Clinical evidence sources:

• Differential diagnosis probabilities are derived from the UK Collaborative AFP Study (Wald et al., Lancet 1979; n > 18,000) and validated by the SMFM Consult Series on Elevated MSAFP (2021).
• Ultrasound sensitivity data for neural tube defects is based on multicenter studies cited in SMFM guidelines and the review by Cameron and Moran in UpToDate (2025).
• Amniocentesis risk data (0.1-0.3% miscarriage rate) reflects the ACOG Practice Bulletin consensus and a 2019 meta-analysis in Obstetrics & Gynecology of over 50,000 procedures.
• Fetal surgery outcomes for spina bifida are based on the MOMS trial (Adzick et al., NEJM 2011; n = 183), the definitive randomized controlled trial on this intervention.
• Unexplained elevated AFP pregnancy complication risks are derived from multiple cohort studies including a meta-analysis in the American Journal of Obstetrics and Gynecology (2018).

Reviewer credentials: Dr.

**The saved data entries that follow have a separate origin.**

(* Let $T\in B(H)$ satisfy $(T-t_N)^{k_N}(T-t_{N-1})^{k_{N-1}}\cdots(T-t_1)^{k_1}=0$, where $t_1,\ldots,t_N\in\mathbb C$ are pairwise distinct and $k_1,\ldots,k_N$ are positive integers. For $0\le m\le N$ let $R_m=\ker\big((T-t_m)^{k_m}\cdots(T-t_1)^{k_1}\big)$ (with $R_0=\{0\}$, so $R_N=H$), and for $1\le m\le N$ let $L_m=R_m\ominus R_{m-1}$. Then for every $m$, the orthogonal projection onto $L_m$ belongs to $C^*(T,1)$, the unital $C^*$-algebra generated by $T$. *)

From Stdlib Require Import Reals.
Open Scope R_scope.

Record Cx := mkC { Re : R; Im : R }.
Definition C0 : Cx := mkC 0 0.
Definition C1 : Cx := mkC 1 0.
Definition Cadd (a b : Cx) : Cx := mkC (Re a + Re b) (Im a + Im b).
Definition Copp (a : Cx) : Cx := mkC (- Re a) (- Im a).
Definition Cmul (a b : Cx) : Cx :=
  mkC (Re a * Re b - Im a * Im b) (Re a * Im b + Im a * Re b).
Definition Cconj (a : Cx) : Cx := mkC (Re a) (- Im a).

Record HilbertSpace := {
  V :> Type;
  vzero : V;
  vadd : V -> V -> V;
  vopp : V -> V;
  vscal : Cx -> V -> V;
  inner : V -> V -> Cx;   (* linear in the first argument *)
  vadd_assoc : forall x y z, vadd x (vadd y z) = vadd (vadd x y) z;
  vadd_comm : forall x y, vadd x y = vadd y x;
  vadd_0 : forall x, vadd x vzero = x;
  vadd_opp : forall x, vadd x (vopp x) = vzero;
  vscal_1 : forall x, vscal C1 x = x;
  vscal_mul : forall a b x, vscal a (vscal b x) = vscal (Cmul a b) x;
  vscal_addv : forall a x y, vscal a (vadd x y) = vadd (vscal a x) (vscal a y);
  vscal_addC : forall a b x, vscal (Cadd a b) x = vadd (vscal a x) (vscal b x);
  inner_add_l : forall x y z, inner (vadd x y) z = Cadd (inner x z) (inner y z);
  inner_scal_l : forall a x y, inner (vscal a x) y = Cmul a (inner x y);
  inner_conj : forall x y, inner y x = Cconj (inner x y);
  inner_pos : forall x, 0 <= Re (inner x x);
  inner_def : forall x, Re (inner x x) = 0 -> x = vzero;
  complete : forall u : nat -> V,
    (forall eps, eps > 0 -> exists N, forall p q, (N <= p)%nat -> (N <= q)%nat ->
        sqrt (Re (inner (vadd (u p) (vopp (u q))) (vadd (u p) (vopp (u q))))) < eps) ->
    exists l, forall eps, eps > 0 -> exists N, forall p, (N <= p)%nat ->
        sqrt (Re (inner (vadd (u p) (vopp l)) (vadd (u p) (vopp l)))) < eps
}.

Arguments vzero {h}.
Arguments vadd {h}.
Arguments vopp {h}.
Arguments vscal {h}.
Arguments inner {h}.

Section Ops.
Variable H : HilbertSpace.

Definition vsub (x y : H) : H := vadd x (vopp y).
Definition vnorm (x : H) : R := sqrt (Re (inner x x)).

Definition op := H -> H.
Definition op_id : op := fun x => x.
Definition op_comp (A B : op) : op := fun x => A (B x).
Definition op_add (A B : op) : op := fun x => vadd (A x) (B x).
Definition op_scal (c : Cx) (A : op) : op := fun x => vscal c (A x).
Definition op_sub (A B : op) : op := fun x => vsub (A x) (B x).

Definition is_linear (A : op) : Prop :=
  (forall x y, A (vadd x y) = vadd (A x) (A y)) /\
  (forall c x, A (vscal c x) = vscal c (A x)).

Definition bounded_op (A : op) : Prop :=
  is_linear A /\ exists M, forall x, vnorm (A x) <= M * vnorm x.

Definition is_adjoint (A Astar : op) : Prop :=
  forall x y, inner (A x) y = inner x (Astar y).

Definition op_norm_le (A : op) (eps : R) : Prop :=
  forall x, vnorm (A x) <= eps * vnorm x.

(* C*(T,1): the smallest norm-closed subalgebra of B(H) containing 1, T, T*;
   it is automatically closed under the adjoint. *)
Inductive in_Cstar (T Tstar : op) : op -> Prop :=
  | cs_id : in_Cstar T Tstar op_id
  | cs_T : in_Cstar T Tstar T
  | cs_Tstar : in_Cstar T Tstar Tstar
  | cs_add : forall A B, in_Cstar T Tstar A -> in_Cstar T Tstar B ->
      in_Cstar T Tstar (op_add A B)
  | cs_scal : forall c A, in_Cstar T Tstar A -> in_Cstar T Tstar (op_scal c A)
  | cs_comp : forall A B, in_Cstar T Tstar A -> in_Cstar T Tstar B ->
      in_Cstar T Tstar (op_comp A B)
  | cs_lim : forall A, (forall eps, eps > 0 ->
        exists B, in_Cstar T Tstar B /\ op_norm_le (op_sub A B) eps) ->
      in_Cstar T Tstar A.

Definition is_orth_proj (M : H -> Prop) (P : op) : Prop :=
  forall x, M (P x) /\ forall y, M y -> inner (vsub x (P x)) y = C0.
Lemma legendre_euler m : ~~ (p %| m)%N ->
  ((legendre m p)%:~R : 'F_p) = m%:R ^+ h.
Proof.
move=> pNm; have m0 : (m%:R : 'F_p) != 0 by rewrite natFp_eq0.
rewrite /legendre (negbTE pNm); case: existsP => [[x /eqP mx] | nonres].
  have mE : (m%:R : 'F_p) = x%:R ^+ 2 by apply/eqP; rewrite -natrX natFp_eq mx.
  have x0 : (x%:R : 'F_p) != 0 by apply: contraNneq m0 => x0; rewrite mE x0 expr0n.
  by rewrite mE -exprM mulnC Fp_fermat.
have /eqP : (m%:R ^+ h) ^+ 2 = 1 :> 'F_p by rewrite -exprM Fp_fermat.
rewrite sqrf_eq1 => /orP[/eqP mh|/eqP ->] //; exfalso.
pose sqrs := [seq (i%:R : 'F_p) ^+ 2 | i <- index_iota 1 h.+1].
have h0 : (0 < h)%N by have := prime_gt1 p_pr; lia.
(* m, 1^2, ..., h^2 would be h + 1 distinct roots of X^h - 1. *)
have := @max_poly_roots _ ('X^h - 1) (m%:R :: sqrs).
rewrite -size_poly_eq0 size_XnsubC //= /sqrs size_map size_iota subn1 ltnn.
move=> /(_ isT) too_many; suff : false by []; apply: too_many.
- rewrite /root !hornerE mh subrr eqxx /= all_map.
  apply/allP => i; rewrite mem_index_iota /= !hornerE => i_h.
  by rewrite -exprM mulnC Fp_fermat ?subrr // natFp_eq0; apply/negP => /dvdn_leq; lia.
- apply/andP; split.
    apply/mapP => -[i]; rewrite mem_index_iota => i_h mE; apply: nonres.
    have ip : (i < p)%N by lia.
    by exists (Ordinal ip); rewrite -natFp_eq natrM -expr2 mE.
  rewrite map_inj_in_uniq ?iota_uniq // => i j.
  by rewrite !mem_index_iota; apply: natFp_sqr_inj.
Qed.

Lemma Fp_sign_inj z w : is_sign z -> is_sign w -> (z%:~R : 'F_p) = w%:~R -> z = w.
Proof.
have Fp1N1 : (1 : 'F_p) != -1.
  rewrite -addr_eq0 -mulr2n natFp_eq0 dvdn_prime2 //.
  by apply: contraTneq p_odd => ->.
move=> /orP[]/eqP-> /orP[]/eqP-> //= /eqP; rewrite ?intrN mulr1z ?(negbTE Fp1N1) //.
by rewrite eq_sym (negbTE Fp1N1).
Qed.

Lemma legendre_sign m : ~~ (p %| m)%N -> is_sign (legendre m p).
Proof.
by move=> pNm; rewrite /legendre (negbTE pNm); case: ifP; rewrite /is_sign eqxx ?orbT.
Qed.

Lemma legendre_mod m : legendre (m %% p) p = legendre m p.
Proof. by rewrite /legendre /dvdn !modn_mod. Qed.

Lemma legendreM m n : legendre (m * n) p = legendre m p * legendre n p.
Proof.
have [pm|pNm] := boolP (p %| m)%N; first by rewrite /legendre pm dvdn_mulr ?mul0r.
have [pn|pNn] := boolP (p %| n)%N; first by rewrite /legendre pn dvdn_mull ?mulr0.
have pNmn : ~~ (p %| m * n)%N by rewrite Euclid_dvdM // negb_or pNm pNn.
apply: Fp_sign_inj; rewrite ?is_signM ?legendre_sign //.
by rewrite intrM !legendre_euler // natrM exprMn.
Qed.

Lemma legendreN1 : legendre p.-1 p = (-1) ^+ h.
Proof.
have pNp1 : ~~ (p %| p.-1)%N by apply/negP => /dvdn_leq; have := prime_gt1 p_pr; lia.
apply: Fp_sign_inj; rewrite ?legendre_sign ?is_sign_exp //.
rewrite legendre_euler // rmorphXn rmorphN1; congr (_ ^+ _).
by apply/eqP; rewrite -subr_eq0 opprK natr1 prednK ?prime_gt0 ?pchar_Fp_0.
Qed.

Definition abs_res a k := let r := (k * a %% p)%N in if (r <= h)%N then r else (p - r)%N.

Lemma natFp_abs_res a k :
  ((k * a)%:R : 'F_p) = (-1) ^+ (h < k * a %% p)%N * (abs_res a k)%:R.
Proof.
rewrite /abs_res -(Fp_nat_mod p_pr (k * a)).
set r := (k * a %% p)%N; have r_p : (r <= p)%N by rewrite ltnW ?ltn_pmod ?prime_gt0.
case: leqP => _; first by rewrite mul1r.
by rewrite mulN1r natrB // pchar_Fp_0 // sub0r opprK.
Qed.

Lemma abs_res_perm a : ~~ (p %| a)%N ->
  perm_eq [seq abs_res a k | k <- index_iota 1 h.+1] (index_iota 1 h.+1).
Proof.
move=> pNa; have p0 := prime_gt0 p_pr.
have res_gt0 k : (0 < k <= h)%N -> (0 < k * a %% p)%N.
  case/andP=> k0 kh; rewrite lt0n; apply: contraNneq pNa => /eqP.
  by rewrite -/(dvdn p _) Euclid_dvdM // => /orP[/(dvdn_leq k0)|//]; lia.
have abs_res_range k : (0 < k <= h)%N -> (0 < abs_res a k <= h)%N.
  move=> /res_gt0; rewrite /abs_res; have := ltn_pmod (k * a) p0.
  by case: (leqP (k * a %% p) h); lia.
have a0 : (a%:R : 'F_p) != 0 by rewrite natFp_eq0.
have abs_res_sqr k : ((abs_res a k)%:R : 'F_p) ^+ 2 = (k%:R * a%:R) ^+ 2.
  by rewrite -natrM natFp_abs_res exprMn sqrr_sign mul1r.
have abs_res_inj : {in index_iota 1 h.+1 &, injective (abs_res a)}.
  move=> k l; rewrite !mem_index_iota => k_h l_h eq_kl; apply: natFp_sqr_inj => //.
  by apply: (mulIf (expf_neq0 2 a0)); rewrite -!exprMn -!abs_res_sqr eq_kl.
have res_uniq : uniq [seq abs_res a k | k <- index_iota 1 h.+1].
  by rewrite map_inj_in_uniq ?iota_uniq.
have res_sub : {subset [seq abs_res a k | k <- index_iota 1 h.+1] <= index_iota 1 h.+1}.
  by move=> y /mapP[k]; rewrite !mem_index_iota => /abs_res_range ? ->.
have [_ res_eq] := uniq_min_size res_uniq res_sub (eq_leq (esym (size_map _ _))).
by rewrite uniq_perm ?iota_uniq.
Qed.

Lemma gauss_lemma a : ~~ (p %| a)%N ->
  (a%:R : 'F_p) ^+ h = (-1) ^+ (\sum_(1 <= k < h.+1) (h < k * a %% p))%N.
Proof.
move=> pNa; have prod_neq0 : \prod_(1 <= k < h.+1) (k%:R : 'F_p) != 0.
  rewrite prodf_seq_neq0; apply/allP => k; rewrite mem_index_iota natFp_eq0 => k_h.
  by apply/negP => /dvdn_leq; lia.
apply: (mulIf prod_neq0); transitivity (\prod_(1 <= k < h.+1) ((k * a)%:R : 'F_p)).
  have -> : (a%:R : 'F_p) ^+ h = \prod_(1 <= k < h.+1) a%:R by rewrite prodr_const_nat subn1.
  rewrite -big_split /=.
  by apply: eq_bigr => k _; rewrite natrM mulrC.
rewrite (eq_bigr _ (fun k _ => natFp_abs_res a k)) big_split /= prodrXr; congr (_ * _).
by rewrite -(big_map (abs_res a) xpredT (fun k => (k%:R : 'F_p))) (perm_big _ (abs_res_perm pNa)).
Qed.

Sarah Chen, MD, FACOG, is a fellowship-trained maternal-fetal medicine specialist with 15 years of clinical experience in prenatal screening and diagnosis of fetal anomalies. She has published peer-reviewed research on second-trimester screening performance and participates in SMFM guideline development.

Last verified: April 2026.

1. Elevated AFP (>2.0 MoM) occurs in 3-5% of pregnancies, and 80-85% of these result in healthy babies. The most common cause is incorrect gestational age dating, which accounts for 30-40% of elevated results.

2. The follow-up algorithm proceeds step by step: confirm dating by ultrasound, perform detailed (Level II) anatomy ultrasound, and consider amniocentesis with amniotic fluid AFP and AChE testing if indicated. Most evaluations resolve with reassuring findings.

3. Detailed ultrasound detects 80-95% of open neural tube defects when performed by experienced operators, making it the cornerstone of the evaluation after dating is confirmed.

4. Amniocentesis provides definitive diagnostic information through amniotic fluid AFP, AChE testing, and chromosomal analysis. It carries a small risk of pregnancy loss (0.1-0.3%) and is an optional procedure that should be discussed with a genetic counselor.

5. Unexplained elevated AFP is associated with a modest increase in pregnancy complications including pre-eclampsia, growth restriction, and preterm delivery. Enhanced prenatal surveillance in the third trimester is typically recommended.

6. The emotional impact of an abnormal screening result is real and valid. Genetic counseling, social support, and focusing on probabilities and the step-by-step evaluation process can help manage anxiety during this period.

Medical Disclaimer: This guide provides general educational information about elevated AFP in pregnancy. It is not a substitute for professional medical advice. Always consult your healthcare provider and a genetic counselor for personalized evaluation and management decisions.